Scan the lines below for the word "andbF". Copy each line you find it in.
════════
(* Let $p\in\Delta_d$ and let $\pi$ be a permutation of $[d]$ with $p_{(i)}:=p_{\pi(i)}$ non-increasing in $i$, and suppose $\tfrac12< p_{(1)}<\tfrac56$. Fix $h\in\{2,\dots,d\}$ with $p_{(h)}>0$ and define the $(h-1)$-parameter sub-model: for $\theta=(\theta_2,\dots,\theta_h)$, let $P_\theta$ be the distribution on $[d]$ with $P_\theta(\pi(i))=\theta_i$ for $2\le i\le h$, $P_\theta(\pi(1))=\theta_1:=1-\sum_{i=2}^h\theta_i-\sum_{i=h+1}^d p_{(i)}$, and $P_\theta(\pi(i))=p_{(i)}$ for $i>h$. Let $\theta(p)=(p_{(2)},\dots,p_{(h)})$, let $0<B\le p_{(h)}/3$ and $\mathcal{N}_{B,h}(p)=\theta(p)+[-B,B]^{h-1}$. Then $P_{\theta'}$ is a valid distribution for all $\theta'\in\mathcal{N}_{B,h}(p)$, and for every channel $W$ from $[d]$ to a finite alphabet $\mathcal{Y}$ with $|\mathcal{Y}|\le 2^b$ and every $\theta'\in\mathcal{N}_{B,h}(p)$, $$\operatorname{Tr}\left(I_W(\theta')\right)\le 2^b\left(6h+\frac{3}{2p_{(h)}}\right)+\frac{3h}{2p_{(h)}},$$ where $I_W(\theta')$ is the Fisher information matrix (with respect to $(\theta_2,\dots,\theta_h)$) of $Y\sim W(\cdot\mid X)$, $X\sim P_{\theta'}$.
   Context: $\Delta_d$ denotes the probability simplex in $\mathbb{R}^d$. The Fisher information matrix of $Y$ is $[I_W(\theta)]_{jk}=\sum_{y}\frac{\partial_{\theta_j}P^Y_\theta(y)\,\partial_{\theta_k}P^Y_\theta(y)}{P^Y_\theta(y)}$ where $P^Y_\theta(y)=\sum_x W(y\mid x)P_\theta(x)$. *)

From HB Require Import structures.
From mathcomp Require Import all_boot all_order all_algebra.
From mathcomp Require Import fingroup perm.
From mathcomp Require Import reals topology normedtype derive.
Import numFieldNormedType.Exports.
Set Implicit Arguments. Unset Strict Implicit. Unset Printing Implicit Defensive.
Import Order.TTheory GRing.Theory Num.Theory.
Local Open Scope ring_scope.

(* Sorted positions are
   0-based: the paper's p_(i) is  p (pi (i-1)).  The paper's h is  h0.+1
   where h0 : 'I_d is the 0-based position of the last free parameter.
   A parameter vector theta is a function 'I_d -> R indexed by sorted
   positions; only the coordinates 0 < i <= h0 (paper's theta_2..theta_h)
   are used. *)

Section Model.
Variables (R : realType) (d : nat).

Definition in_simplex (p : 'I_d -> R) :=
  (forall i, 0 <= p i) /\ \sum_i p i = 1.

Definition is_param (h0 : 'I_d) (i : 'I_d) : bool := (0 < i)%N && (i <= h0)%N.

Definition Ptheta (p : 'I_d -> R) (pi : 'S_d) (h0 : 'I_d)
    (theta : 'I_d -> R) (x : 'I_d) : R :=
  let i := (pi^-1)%g x in
  if is_param h0 i then theta i
  else if (i == 0 :> nat) then
    1 - \sum_(j : 'I_d | is_param h0 j) theta j
      - \sum_(j : 'I_d | (h0 < j)%N) p (pi j)
  else p (pi i).

Definition in_nbhd (p : 'I_d -> R) (pi : 'S_d) (h0 : 'I_d) (B : R)
    (theta : 'I_d -> R) :=
  forall i, is_param h0 i -> `|theta i - p (pi i)| <= B.

Definition PY (Y : finType) (W : 'I_d -> Y -> R) (P : 'I_d -> R) (y : Y) : R :=
  \sum_x W x y * P x.

Definition shift (theta : 'I_d -> R) (j : 'I_d) (t : R) : 'I_d -> R :=
  fun i => if i == j then theta i + t else theta i.

Definition dPY (Y : finType) (W : 'I_d -> Y -> R) (p : 'I_d -> R) (pi : 'S_d)
    (h0 : 'I_d) (theta : 'I_d -> R) (j : 'I_d) (y : Y) : R :=
  derive1 (fun t : R => PY W (Ptheta p pi h0 (shift theta j t)) y) 0.

Definition fisher_diag (Y : finType) (W : 'I_d -> Y -> R) (p : 'I_d -> R)
    (pi : 'S_d) (h0 : 'I_d) (theta : 'I_d -> R) (j : 'I_d) : R :=
  \sum_y (dPY W p pi h0 theta j y ^+ 2) / PY W (Ptheta p pi h0 theta) y.

Definition fisher_trace (Y : finType) (W : 'I_d -> Y -> R) (p : 'I_d -> R)
    (pi : 'S_d) (h0 : 'I_d) (theta : 'I_d -> R) : R :=
  \sum_(j : 'I_d | is_param h0 j) fisher_diag W p pi h0 theta j.

Definition is_channel (Y : finType) (W : 'I_d -> Y -> R) :=
  (forall x y, 0 <= W x y) /\ (forall x, \sum_y W x y = 1).

End Model.

From Pilot Require Import Defs.
From HB Require Import structures.
From mathcomp Require Import all_boot all_order all_algebra.
From mathcomp Require Import fingroup perm.
From mathcomp Require Import reals topology normedtype derive.
From mathcomp Require Import ring lra.
From mathcomp Require Import boolp functions.
Import numFieldNormedType.Exports.
Set Implicit Arguments. Unset Strict Implicit. Unset Printing Implicit Defensive.
Import Order.TTheory GRing.Theory Num.Theory.
Local Open Scope ring_scope.

(* Moving theta_j by t moves mass t from the top symbol pi(1) to pi(j), so
   P^Y_theta(y) is affine in theta_j with slope W(y|pi(j)) - W(y|pi(1)).
   Since P^Y_theta(y) >= W(y|pi(j)) theta_j + W(y|pi(1)) theta_1, each
   Fisher term is at most W(y|pi(j))/theta_j + W(y|pi(1))/theta_1, and
   summing over y gives [I_W]_jj <= 1/theta_j + 1/theta_1.  On the
   neighbourhood theta_j >= 2 p_(h)/3 and theta_1 > 1/3, whence
   Tr I_W <= h (3/(2 p_(h)) + 3), which is below the stated bound. *)

Lemma derive1_affine (R : realType) (c k : R) :
  derive1 (fun t : R => c + t * k) 0 = k.
Proof.
have -> : (fun t : R => c + t * k) = cst c \+ k \*: id.
  by apply/funext => t /=; rewrite mulrC.
by rewrite derive1E; apply: derive_val; apply: is_derive_eq; rewrite add0r scaler1.
Qed.

Lemma ler_sqrB_div (R : realFieldType) (a b u v P : R) :
  0 <= a -> 0 <= b -> 0 < u -> 0 < v -> a * u + b * v <= P ->
  (a - b) ^+ 2 / P <= a / u + b / v.
Proof.
move=> a0 b0 u0 v0 HP.
have au0 : 0 <= a / u by apply: divr_ge0; lra.
have bv0 : 0 <= b / v by apply: divr_ge0; lra.
have [->|Pn0] := eqVneq P 0; first by rewrite invr0 mulr0 addr_ge0.
have P0 : 0 < P.
  by rewrite lt_def Pn0 (le_trans _ HP) // addr_ge0 // mulr_ge0 // ltW.
rewrite ler_pdivrMr //; apply: le_trans (ler_wpM2l (addr_ge0 au0 bv0) HP).
(* (a - b)^2 <= a^2 + b^2, the diagonal part of (a/u + b/v) (a u + b v). *)
have Ea : a / u * (a * u) = a ^+ 2 by field; lra.
have Eb : b / v * (b * v) = b ^+ 2 by field; lra.
have Cab : 0 <= a / u * (b * v) + b / v * (a * u).
  by rewrite addr_ge0 // mulr_ge0 // mulr_ge0 // ltW.
have ab0 : 0 <= a * b by exact: mulr_ge0.
rewrite mulrDl !mulrDr Ea Eb; nra.
Qed.

Section SubModel.
Variables (R : realType) (d : nat) (p : 'I_d -> R) (pi : 'S_d) (h0 i0 : 'I_d).
Hypothesis i0_val : val i0 = 0%N.

Lemma param_neq_top (j : 'I_d) : is_param h0 j -> j != i0.
Proof. by case/andP; rewrite lt0n -val_eqE i0_val. Qed.

Lemma sum_top_params_tail (F : 'I_d -> R) :
  \sum_i F i =
  F i0 + \sum_(j | is_param h0 j) F j + \sum_(j : 'I_d | (h0 < j)%N) F j.
Proof.
rewrite (bigD1 i0) //= (bigID (fun j : 'I_d => (j <= h0)%N)) /= addrA.
congr (_ + _ + _); apply: eq_bigl => j; rewrite -val_eqE i0_val /is_param.
  by rewrite lt0n.
rewrite -ltnNge; case: (ltnP h0 j) => Hj; rewrite ?andbF ?andbT //.
by apply/eqP => Hj0; rewrite Hj0 in Hj.
Qed.

Lemma Ptheta_param (theta : 'I_d -> R) (j : 'I_d) :
  is_param h0 j -> Ptheta p pi h0 theta (pi j) = theta j.
Proof. by rewrite /Ptheta /= permK => ->. Qed.

Lemma Ptheta_top (theta : 'I_d -> R) :
  Ptheta p pi h0 theta (pi i0) =
  1 - \sum_(j | is_param h0 j) theta j - \sum_(j : 'I_d | (h0 < j)%N) p (pi j).
Proof. by rewrite /Ptheta /= permK /is_param i0_val. Qed.

Lemma Ptheta_tail (theta : 'I_d -> R) (j : 'I_d) :
  (h0 < j)%N -> Ptheta p pi h0 theta (pi j) = p (pi j).
Proof.
rewrite /Ptheta /= permK /is_param => Hj.
rewrite [(j <= h0)%N]leqNgt Hj andbF; case: eqP => // Hj0; by rewrite Hj0 in Hj.
Qed.

Lemma index_cases (i : 'I_d) : [\/ is_param h0 i, i = i0 | (h0 < i)%N].
Proof.
case Hp: (is_param h0 i); first exact: Or31.
have [Hi|Hi] := eqVneq (val i) 0%N.
  by apply: Or32; apply: val_inj; rewrite Hi i0_val.
by apply: Or33; move: Hp; rewrite /is_param lt0n Hi /= => /negbT; rewrite -ltnNge.
Qed.

Lemma Ptheta_shift (theta : 'I_d -> R) (j : 'I_d) (t : R) (x : 'I_d) :
  is_param h0 j ->
  Ptheta p pi h0 (Defs.shift theta j t) x =
  Ptheta p pi h0 theta x + t * ((x == pi j)%:R - (x == pi i0)%:R).
Proof.
move=> Hj; have Hj0 := param_neq_top Hj.
rewrite -(permKV pi x); move: ((pi^-1)%g x) => i.
rewrite !(inj_eq (@perm_inj _ pi)).
case: (index_cases i) => [Hi | -> | Hi].
- rewrite !Ptheta_param // /Defs.shift (negbTE (param_neq_top Hi)).
  by case: eqP => _; rewrite ?subr0 ?mulr1 ?mulr0 ?addr0.
- rewrite !Ptheta_top eq_sym (negbTE Hj0) eqxx (bigD1 j) //=.
  rewrite [X in _ = 1 - X - _ + _](bigD1 j) //= /Defs.shift eqxx.
  rewrite (eq_bigr theta); last by move=> k /andP[_ /negbTE ->].
  by rewrite sub0r mulrN1; lra.
- have Hij : i != j by apply: contraTneq Hi => ->; rewrite -leqNgt; case/andP: Hj.
  have Hi0 : i != i0 by rewrite -val_eqE i0_val -lt0n (leq_ltn_trans _ Hi).
  by rewrite !Ptheta_tail // (negbTE Hij) (negbTE Hi0) subr0 mulr0 addr0.
Qed.

Lemma PY_shift (Y : finType) (W : 'I_d -> Y -> R) (theta : 'I_d -> R)
    (j : 'I_d) (t : R) (y : Y) : is_param h0 j ->
  PY W (Ptheta p pi h0 (Defs.shift theta j t)) y =
  PY W (Ptheta p pi h0 theta) y + t * (W (pi j) y - W (pi i0) y).
Proof.
move=> Hj; rewrite /PY.
under eq_bigr do rewrite Ptheta_shift // mulrDr.
rewrite big_split /=; congr (_ + _).
have Hji : pi j != pi i0 by rewrite (inj_eq (@perm_inj _ pi)) param_neq_top.
rewrite (bigD1 (pi j)) //= (bigD1 (pi i0)) 1?eq_sym //=.
rewrite !eqxx [pi i0 == pi j]eq_sym (negbTE Hji).
rewrite big1; last by move=> x /andP[/negbTE -> /negbTE ->]; rewrite subrr !mulr0.
by rewrite /= addr0; lra.
Qed.

Lemma dPY_param (Y : finType) (W : 'I_d -> Y -> R) (theta : 'I_d -> R)
    (j : 'I_d) (y : Y) : is_param h0 j ->
  dPY W p pi h0 theta j y = W (pi j) y - W (pi i0) y.
Proof.
move=> Hj; rewrite /dPY (_ : (fun t => _) = fun t =>
    PY W (Ptheta p pi h0 theta) y + t * (W (pi j) y - W (pi i0) y)).
  exact: derive1_affine.
by apply/funext => t; rewrite PY_shift.
Qed.

Lemma fisher_diag_le (Y : finType) (W : 'I_d -> Y -> R) (theta : 'I_d -> R)
    (j : 'I_d) :
  is_channel W -> (forall x, 0 <= Ptheta p pi h0 theta x) ->
  is_param h0 j -> 0 < theta j -> 0 < Ptheta p pi h0 theta (pi i0) ->
  fisher_diag W p pi h0 theta j <= 1 / theta j + 1 / Ptheta p pi h0 theta (pi i0).
Proof.
move=> [W0 W1] P0 Hj thj0 top0; rewrite /fisher_diag.
set q0 := Ptheta p pi h0 theta (pi i0).
have Hji : pi i0 != pi j by rewrite (inj_eq (@perm_inj _ pi)) eq_sym param_neq_top.
apply: le_trans (_ : _ <= \sum_y (W (pi j) y / theta j + W (pi i0) y / q0)) _.
  apply: ler_sum => y _; rewrite dPY_param //.
  apply: ler_sqrB_div => //.
  rewrite /PY (bigD1 (pi j)) //= Ptheta_param // (bigD1 (pi i0)) //= addrA lerDl.
  by apply: sumr_ge0 => x _; exact: mulr_ge0.
by rewrite big_split /= -!mulr_suml !W1.
Qed.

Lemma sum_params_const_le (c : R) : 0 <= c ->
  \sum_(j : 'I_d | is_param h0 j) c <= (h0.+1)%:R * c.
Proof.
move=> c0.
rewrite (eq_bigl (fun j : 'I_d => (0 < j)%N && (j < h0.+1)%N)); last first.
  by move=> j; rewrite /is_param ltnS.
rewrite -(big_ord_widen_cond _ (fun j => (0 < j)%N) (fun _ => c) (ltn_ord h0)).
rewrite big_mkcond /=; apply: le_trans (_ : _ <= \sum_(j < h0.+1) c) _.
  by apply: ler_sum => j _; case: ifP.
by rewrite sumr_const card_ord mulr_natl.
Qed.

End SubModel.

Section Neighbourhood.
Variables (R : realType) (d : nat) (p : 'I_d -> R) (pi : 'S_d) (h0 i0 : 'I_d).
Variables (B : R) (theta : 'I_d -> R).
Hypothesis i0_val : val i0 = 0%N.
Hypothesis p_simplex : in_simplex p.
Hypothesis p_sorted : forall i j : 'I_d, (i <= j)%N -> p (pi j) <= p (pi i).
Hypothesis p_top_gt : 2^-1 < p (pi i0).
Hypothesis ph_gt0 : 0 < p (pi h0).
Hypothesis B_le : B <= p (pi h0) / 3.
Hypothesis theta_nbhd : in_nbhd p pi h0 B theta.

Let pS := \sum_(j | is_param h0 j) p (pi j).
Let pT := \sum_(j : 'I_d | (h0 < j)%N) p (pi j).

Lemma nbhd_param_diff (j : 'I_d) : is_param h0 j ->
  `|theta j - p (pi j)| <= p (pi j) / 3.
Proof.
move=> Hj; apply: le_trans (theta_nbhd Hj) _; apply: le_trans B_le _.
by rewrite ler_pM2r ?invr_gt0 ?ltr0n //; apply: p_sorted; case/andP: Hj.
Qed.

Lemma nbhd_param_ge (j : 'I_d) : is_param h0 j -> 2 / 3 * p (pi h0) <= theta j.
Proof.
move=> Hj; have := nbhd_param_diff Hj; rewrite ler_norml => /andP[Hlo _].
have : p (pi h0) <= p (pi j) by rewrite p_sorted //; case/andP: Hj.
lra.
Qed.

Lemma nbhd_top_gt : 3^-1 < Ptheta p pi h0 theta (pi i0).
Proof.
have [p0 p1] := p_simplex.
have Hsum : p (pi i0) + pS + pT = 1.
  by rewrite -p1 (reindex_inj (@perm_inj _ pi)) (sum_top_params_tail h0 i0_val).
have pT0 : 0 <= pT by exact: sumr_ge0.
have Hth : \sum_(j | is_param h0 j) theta j - pS <= pS / 3.
  rewrite /pS -sumrB mulr_suml; apply: ler_sum => j Hj.
  have := ler_norm (theta j - p (pi j)); have := nbhd_param_diff Hj; lra.
rewrite Ptheta_top // -/pT; have := p_top_gt; lra.
Qed.

Lemma nbhd_Ptheta_ge0 (x : 'I_d) : 0 <= Ptheta p pi h0 theta x.
Proof.
rewrite -(permKV pi x); case: (index_cases h0 i0_val ((pi^-1)%g x)) => [Hi | -> | Hi].
- by rewrite Ptheta_param //; have := nbhd_param_ge Hi; have := ph_gt0; lra.
- by have := nbhd_top_gt; lra.
- by rewrite Ptheta_tail //; case: p_simplex.
Qed.

Lemma nbhd_Ptheta_simplex : in_simplex (Ptheta p pi h0 theta).
Proof.
split; first exact: nbhd_Ptheta_ge0.
rewrite (reindex_inj (@perm_inj _ pi)) (sum_top_params_tail h0 i0_val) Ptheta_top //.
have -> : \sum_(j | is_param h0 j) Ptheta p pi h0 theta (pi j) =
          \sum_(j | is_param h0 j) theta j.
  by apply: eq_bigr => j; exact: Ptheta_param.
have -> : \sum_(j : 'I_d | (h0 < j)%N) Ptheta p pi h0 theta (pi j) =
          \sum_(j : 'I_d | (h0 < j)%N) p (pi j).
  by apply: eq_bigr => j; exact: Ptheta_tail.
lra.
Qed.

Lemma nbhd_fisher_trace_le (Y : finType) (W : 'I_d -> Y -> R) :
  is_channel W ->
  fisher_trace W p pi h0 theta <= (h0.+1)%:R * (3 / (2 * p (pi h0)) + 3).
Proof.
move=> HW; have top_gt := nbhd_top_gt; have ph := ph_gt0.
apply: le_trans (sum_params_const_le h0 _); last first.
  by apply: addr_ge0; [apply: divr_ge0|]; lra.
apply: ler_sum => j Hj.
have th_ge := nbhd_param_ge Hj.
have th_gt0 : 0 < theta j by lra.
apply: le_trans (fisher_diag_le i0_val HW nbhd_Ptheta_ge0 Hj th_gt0 _) _; first lra.
apply: lerD.
  rewrite ler_pdivrMr; last lra.
  by rewrite mulrAC ler_pdivlMr; lra.
by rewrite ler_pdivrMr; lra.
Qed.

End Neighbourhood.

Theorem mainTheorem8 (R : realType) (d : nat) (p : 'I_d -> R) (pi : 'S_d)
  (h0 : 'I_d) (B : R) :
  in_simplex p ->
  (forall i j : 'I_d, (i <= j)%N -> p (pi j) <= p (pi i)) ->
  (forall i0 : 'I_d, (i0 = 0 :> nat) -> 2^-1 < p (pi i0) /\ p (pi i0) < 5 / 6) ->
  (1 <= h0)%N ->
  0 < p (pi h0) ->
  0 < B -> B <= p (pi h0) / 3 ->
  (forall theta : 'I_d -> R, in_nbhd p pi h0 B theta ->
     in_simplex (Ptheta p pi h0 theta)) /\
  (forall (Y : finType) (b : nat) (W : 'I_d -> Y -> R),
     (#|Y| <= 2 ^ b)%N -> is_channel W ->
     forall theta : 'I_d -> R, in_nbhd p pi h0 B theta ->
       fisher_trace W p pi h0 theta <=
         2 ^+ b * (6 * (h0.+1)%:R + 3 / (2 * p (pi h0)))
         + 3 * (h0.+1)%:R / (2 * p (pi h0))).
Proof.
move=> p_simplex p_sorted p_top _ ph_gt0 _ B_le.
pose i0 : 'I_d := Ordinal (leq_ltn_trans (leq0n h0) (ltn_ord h0)).
have i0_val : val i0 = 0%N by [].
have [p_top_gt _] := p_top i0 i0_val.
split=> [theta th_nbhd | Y b W _ HW theta th_nbhd].
  exact: nbhd_Ptheta_simplex i0_val p_simplex p_sorted p_top_gt ph_gt0 B_le th_nbhd.
apply: le_trans (nbhd_fisher_trace_le i0_val p_simplex p_sorted p_top_gt ph_gt0 B_le th_nbhd HW) _.
have e1 : 1 <= (2 : R) ^+ b by apply: exprn_ege1; lra.
have hq : 0 <= 3 / (2 * p (pi h0)) by apply: divr_ge0; lra.
have hn : 0 <= (h0.+1)%:R :> R by [].
have : 0 <= (2 ^+ b - 1) * (6 * (h0.+1)%:R + 3 / (2 * p (pi h0))).
  by apply: mulr_ge0; lra.
rewrite (mulrC 3%:R) -mulrA.
nra.
Qed.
════════
◆ **WRITTEN ANSWER**
rewrite -ltnNge; case: (ltnP h0 j) => Hj; rewrite ?andbF ?andbT //.
rewrite [(j <= h0)%N]leqNgt Hj andbF; case: eqP => // Hj0; by rewrite Hj0 in Hj.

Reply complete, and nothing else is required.